WHAT TO PRODUCE -> Using the records below, write out the line with "(forall i : 'I_k, d%:R" and each line after it through the final one, exactly, and only those.
------ INPUT FOR THIS TASK
(* Let $1/n\ll\gamma\ll\tau\ll\varepsilon\ll\alpha\ll 1$, let $k\in\mathbb{N}$, and let $G$ be a $d$-regular digraph on $n$ vertices with $d\geq(\alpha+\varepsilon)n$. If $\mathcal{P}_k=\{V_{ij}:i,j\in[k]\}$ is a $(k^2,\tau,\gamma)$-partition of $G$, then $|V_{i*}|,|V_{*i}|\geq d-\varepsilon n/2$ for all $i\in[k]$. In particular, $\mathcal{P}_k$ is a $(k^2,\alpha+\varepsilon/2,\gamma)$-partition of $G$.
   Context: Hierarchy convention: $x\ll y$ means $x\leq f(y)$ for some implicitly given non-decreasing function $f:(0,1]\to(0,1]$; the statement asserts that such functions exist, the constants being chosen from right to left. A digraph is $d$-regular if every vertex has in- and outdegree $d$. A $k^2$-partition of $V(G)$ is a family $\{V_{ij}:i,j\in[k]\}$ of pairwise disjoint (possibly empty) sets with union $V(G)$; $V_{i*}=\bigcup_j V_{ij}$, $V_{*j}=\bigcup_i V_{ij}$. $E(A,B)$ is the set of edges $ab$ with $a\in A$, $b\in B$. Bad edges: $\mathcal{B}_k(\mathcal{P}_k,G)=\bigcup_{i\neq j}E(V_{i*},V_{*j})$. A $(k^2,\tau,\gamma)$-partition of an $n$-vertex digraph is a $k^2$-partition with $|\mathcal{B}_k(\mathcal{P}_k,G)|\leq\gamma n^2$ and $|V_{i*}|,|V_{*j}|\geq\tau n$ for all $i,j\in[k]$. *)

From mathcomp Require Import all_boot all_order all_algebra.
From mathcomp Require Import reals.
Set Implicit Arguments. Unset Strict Implicit. Unset Printing Implicit Defensive.
Import Order.TTheory GRing.Theory Num.Theory.

(* A digraph on vertex set 'I_n is a loopless edge relation E : rel 'I_n
   (at most one edge in each direction u->v). *)
Definition loopless (n : nat) (E : rel 'I_n) : Prop := forall v, ~~ E v v.

Definition outdeg n (E : rel 'I_n) (v : 'I_n) : nat := #|[set u | E v u]|.
Definition indeg n (E : rel 'I_n) (v : 'I_n) : nat := #|[set u | E u v]|.

Definition regular n (E : rel 'I_n) (d : nat) : Prop :=
  forall v, outdeg E v = d /\ indeg E v = d.

Definition k2_partition n k (V : 'I_k -> 'I_k -> {set 'I_n}) : Prop :=
  (forall i j i' j', (i, j) != (i', j') -> [disjoint V i j & V i' j']) /\
  (\bigcup_(p : 'I_k * 'I_k) V p.1 p.2 = [set: 'I_n]).

Definition Vrow n k (V : 'I_k -> 'I_k -> {set 'I_n}) (i : 'I_k) : {set 'I_n} :=
  \bigcup_(j : 'I_k) V i j.
Definition Vcol n k (V : 'I_k -> 'I_k -> {set 'I_n}) (j : 'I_k) : {set 'I_n} :=
  \bigcup_(i : 'I_k) V i j.

Definition bad_edges n k (E : rel 'I_n) (V : 'I_k -> 'I_k -> {set 'I_n})
  : {set 'I_n * 'I_n} :=
  [set p : 'I_n * 'I_n | E p.1 p.2 &&
     [exists i : 'I_k, exists j : 'I_k,
        [&& i != j, p.1 \in Vrow V i & p.2 \in Vcol V j]]].

Local Open Scope ring_scope.

Definition k2_tau_gamma_partition (R : realType) n k (E : rel 'I_n)
  (V : 'I_k -> 'I_k -> {set 'I_n}) (tau gamma : R) : Prop :=
  k2_partition V /\
  (#|bad_edges E V|%:R <= gamma * n%:R ^+ 2) /\
  (forall i j : 'I_k, tau * n%:R <= #|Vrow V i|%:R /\ tau * n%:R <= #|Vcol V j|%:R).

(* A vertex of V_{i*} sends d edges, and those not landing in V_{*i} land in
   some V_{*j} with j <> i, so they are bad: d |V_{i*}| <= |V_{i*}| |V_{*i}| + gamma n^2.
   As |V_{i*}| >= tau n, this forces |V_{*i}| >= d - eps n / 2 as soon as
   gamma <= tau eps / 2, which is the only constraint the hierarchy needs;
   in-edges give the same bound for |V_{i*}|. *)
From mathcomp Require Import all_boot all_order all_algebra.
From mathcomp Require Import reals.
From mathcomp Require Import lra.
Set Implicit Arguments. Unset Strict Implicit. Unset Printing Implicit Defensive.
Import Order.TTheory GRing.Theory Num.Theory.

Definition edges_leaving (T : finType) (E : rel T) (A B : {set T}) : {set T * T} :=
  [set p | [&& p.1 \in A, E p.1 p.2 & p.2 \notin B]].

Lemma card_edges_leaving (T : finType) (E : rel T) (A B : {set T}) :
  #|edges_leaving E A B| = (\sum_(u in A) #|[set v | E u v & v \notin B]|)%N.
Proof.
rewrite -sum1_card (eq_bigl _ _ (fun p => in_set _ p)).
rewrite -(pair_big_dep (mem A) (fun u v => E u v && (v \notin B)) (fun _ _ => 1%N)).
by apply: eq_bigr => u _; rewrite sum1_card cardsE.
Qed.

Lemma outdeg_mul_card_le (T : finType) (E : rel T) (d : nat) (A B : {set T}) :
  (forall u, #|[set v | E u v]| = d) ->
  (#|A| * d <= #|A| * #|B| + #|edges_leaving E A B|)%N.
Proof.
move=> outdeg_d; rewrite card_edges_leaving -!sum_nat_const -big_split.
apply: leq_sum => u _; rewrite -(outdeg_d u).
apply: leq_trans (leq_card_setU B _); apply: subset_leq_card.
by apply/subsetP => v; rewrite !inE => ->; case: (v \in B).
Qed.

Section BadEdges.

Variables (n k : nat) (E : rel 'I_n) (V : 'I_k -> 'I_k -> {set 'I_n}).
Hypothesis partV : k2_partition V.

Lemma mem_Vrow i j v : v \in V i j -> v \in Vrow V i.
Proof. by move=> vV; apply/bigcupP; exists j. Qed.

Lemma mem_Vcol i j v : v \in V i j -> v \in Vcol V j.
Proof. by move=> vV; apply/bigcupP; exists i. Qed.

Lemma k2_partition_cover v : exists i j, v \in V i j.
Proof.
have : v \in \bigcup_(p : 'I_k * 'I_k) V p.1 p.2 by rewrite partV.2 inE.
by case/bigcupP => -[i j] _ vV; exists i, j.
Qed.

Lemma card_edges_leaving_row_le_bad i :
  (#|edges_leaving E (Vrow V i) (Vcol V i)| <= #|bad_edges E V|)%N.
Proof.
apply/subset_leq_card/subsetP => -[u v]; rewrite !inE /= => /and3P[uA Euv vB].
have [i' [j vV]] := k2_partition_cover v.
rewrite Euv; apply/existsP; exists i; apply/existsP; exists j.
rewrite uA (mem_Vcol vV) !andbT; apply: contraNneq vB => ->.
exact: mem_Vcol vV.
Qed.

Lemma card_edges_entering_col_le_bad i :
  (#|edges_leaving [rel u v | E v u] (Vcol V i) (Vrow V i)| <= #|bad_edges E V|)%N.
Proof.
rewrite -(card_imset _ (can_inj swap_pairK)).
apply/subset_leq_card/subsetP => _ /imsetP[[v u] + ->].
rewrite !inE /= => /and3P[vB Euv uA].
have [j [j' uV]] := k2_partition_cover u.
rewrite Euv; apply/existsP; exists j; apply/existsP; exists i.
rewrite (mem_Vrow uV) vB !andbT; apply: contraNneq uA => <-.
exact: mem_Vrow uV.
Qed.

End BadEdges.

Local Open Scope ring_scope.

Lemma few_leaving_edges_card_lb (R : realFieldType) (a b d bad n tau gamma eps : R) :
  0 < tau -> 0 < n -> 0 < eps -> gamma <= tau * eps / 2 ->
  a * d <= a * b + bad -> bad <= gamma * n ^+ 2 -> tau * n <= a ->
  d - eps * n / 2 <= b.
Proof.
move=> tau_gt0 n_gt0 eps_gt0 gamma_le count bad_le a_ge.
rewrite leNgt; apply/negP => b_small.
have a_gt0 : 0 < a by nra.
have gamma_n2_le : gamma * n ^+ 2 <= a * (eps * n / 2).
  have : gamma * n ^+ 2 <= tau * eps / 2 * n ^+ 2 by rewrite ler_pM2r ?exprn_gt0.
  have : tau * n * (eps * n / 2) <= a * (eps * n / 2).
    by rewrite ler_pM2r // divr_gt0 ?mulr_gt0.
  rewrite expr2; lra.
have : a * (eps * n / 2) < a * (d - b) by rewrite ltr_pM2l; lra.
nra.
Qed.

Lemma k2_partition_card_lb (R : realType) n k (E : rel 'I_n) d
    (V : 'I_k -> 'I_k -> {set 'I_n}) (tau gamma eps : R) :
  (0 < n)%N -> 0 < tau -> 0 < eps -> gamma <= tau * eps / 2 ->
  regular E d -> k2_tau_gamma_partition E V tau gamma ->
  forall i : 'I_k, d%:R - eps * n%:R / 2 <= #|Vrow V i|%:R /\
                   d%:R - eps * n%:R / 2 <= #|Vcol V i|%:R.
Proof.
move=> n_gt0 tau_gt0 eps_gt0 gamma_le reg [partV [bad_le card_ge]] i.
have n_gt0' : 0 < n%:R :> R by rewrite ltr0n.
have [row_ge col_ge] := card_ge i i.
have out_count := outdeg_mul_card_le (Vrow V i) (Vcol V i) (fun u => (reg u).1).
have in_count := @outdeg_mul_card_le _ [rel u v | E v u] d (Vcol V i) (Vrow V i)
  (fun u => (reg u).2).
split.
- apply: (few_leaving_edges_card_lb (a := #|Vcol V i|%:R) tau_gt0 n_gt0' eps_gt0 gamma_le
    _ bad_le col_ge).
  rewrite -!natrM -natrD ler_nat.
  by apply: leq_trans in_count _; rewrite leq_add2l card_edges_entering_col_le_bad.
- apply: (few_leaving_edges_card_lb (a := #|Vrow V i|%:R) tau_gt0 n_gt0' eps_gt0 gamma_le
    _ bad_le row_ge).
  rewrite -!natrM -natrD ler_nat.
  by apply: leq_trans out_count _; rewrite leq_add2l card_edges_leaving_row_le_bad.
Qed.

Theorem proposition3p8 (R : realType) :
  exists alpha0 : R, 0 < alpha0 /\
  forall alpha : R, 0 < alpha -> alpha <= alpha0 ->
  exists eps0 : R, 0 < eps0 /\
  forall eps : R, 0 < eps -> eps <= eps0 ->
  exists tau0 : R, 0 < tau0 /\
  forall tau : R, 0 < tau -> tau <= tau0 ->
  exists gamma0 : R, 0 < gamma0 /\
  forall gamma : R, 0 < gamma -> gamma <= gamma0 ->
  exists n0 : nat,
  forall (n : nat) (k : nat) (E : rel 'I_n) (d : nat)
         (V : 'I_k -> 'I_k -> {set 'I_n}),
    (n0 <= n)%N ->
    loopless E -> regular E d ->
    (alpha + eps) * n%:R <= d%:R ->
    k2_tau_gamma_partition E V tau gamma ->
    (forall i : 'I_k, d%:R - eps * n%:R / 2 <= #|Vrow V i|%:R /\
                      d%:R - eps * n%:R / 2 <= #|Vcol V i|%:R) /\
    k2_tau_gamma_partition E V (alpha + eps / 2) gamma.
Proof.
exists 1; split => // alpha _ _.
exists 1; split => // eps eps_gt0 _.
exists 1; split => // tau tau_gt0 _.
exists (tau * eps / 2); split; first by rewrite divr_gt0 ?mulr_gt0.
move=> gamma _ gamma_le.
exists 1%N => n k E d V n_gt0 _ reg d_ge partV.
have card_lb := k2_partition_card_lb n_gt0 tau_gt0 eps_gt0 gamma_le reg partV.
split => //; case: partV => [partV [bad_le _]]; do 2!split => //.
have lb_ge : (alpha + eps / 2) * n%:R <= d%:R - eps * n%:R / 2 by lra.
by move=> i j; split; apply: le_trans lb_ge _; [exact: (card_lb i).1 | exact: (card_lb j).2].
Qed.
------------
ANSWER FOR THIS EXERCISE ->
    (forall i : 'I_k, d%:R - eps * n%:R / 2 <= #|Vrow V i|%:R /\
                      d%:R - eps * n%:R / 2 <= #|Vcol V i|%:R) /\
    k2_tau_gamma_partition E V (alpha + eps / 2) gamma.
Proof.
exists 1; split => // alpha _ _.
exists 1; split => // eps eps_gt0 _.
exists 1; split => // tau tau_gt0 _.
exists (tau * eps / 2); split; first by rewrite divr_gt0 ?mulr_gt0.
move=> gamma _ gamma_le.
exists 1%N => n k E d V n_gt0 _ reg d_ge partV.
have card_lb := k2_partition_card_lb n_gt0 tau_gt0 eps_gt0 gamma_le reg partV.
split => //; case: partV => [partV [bad_le _]]; do 2!split => //.
have lb_ge : (alpha + eps / 2) * n%:R <= d%:R - eps * n%:R / 2 by lra.
by move=> i j; split; apply: le_trans lb_ge _; [exact: (card_lb i).1 | exact: (card_lb j).2].
Qed.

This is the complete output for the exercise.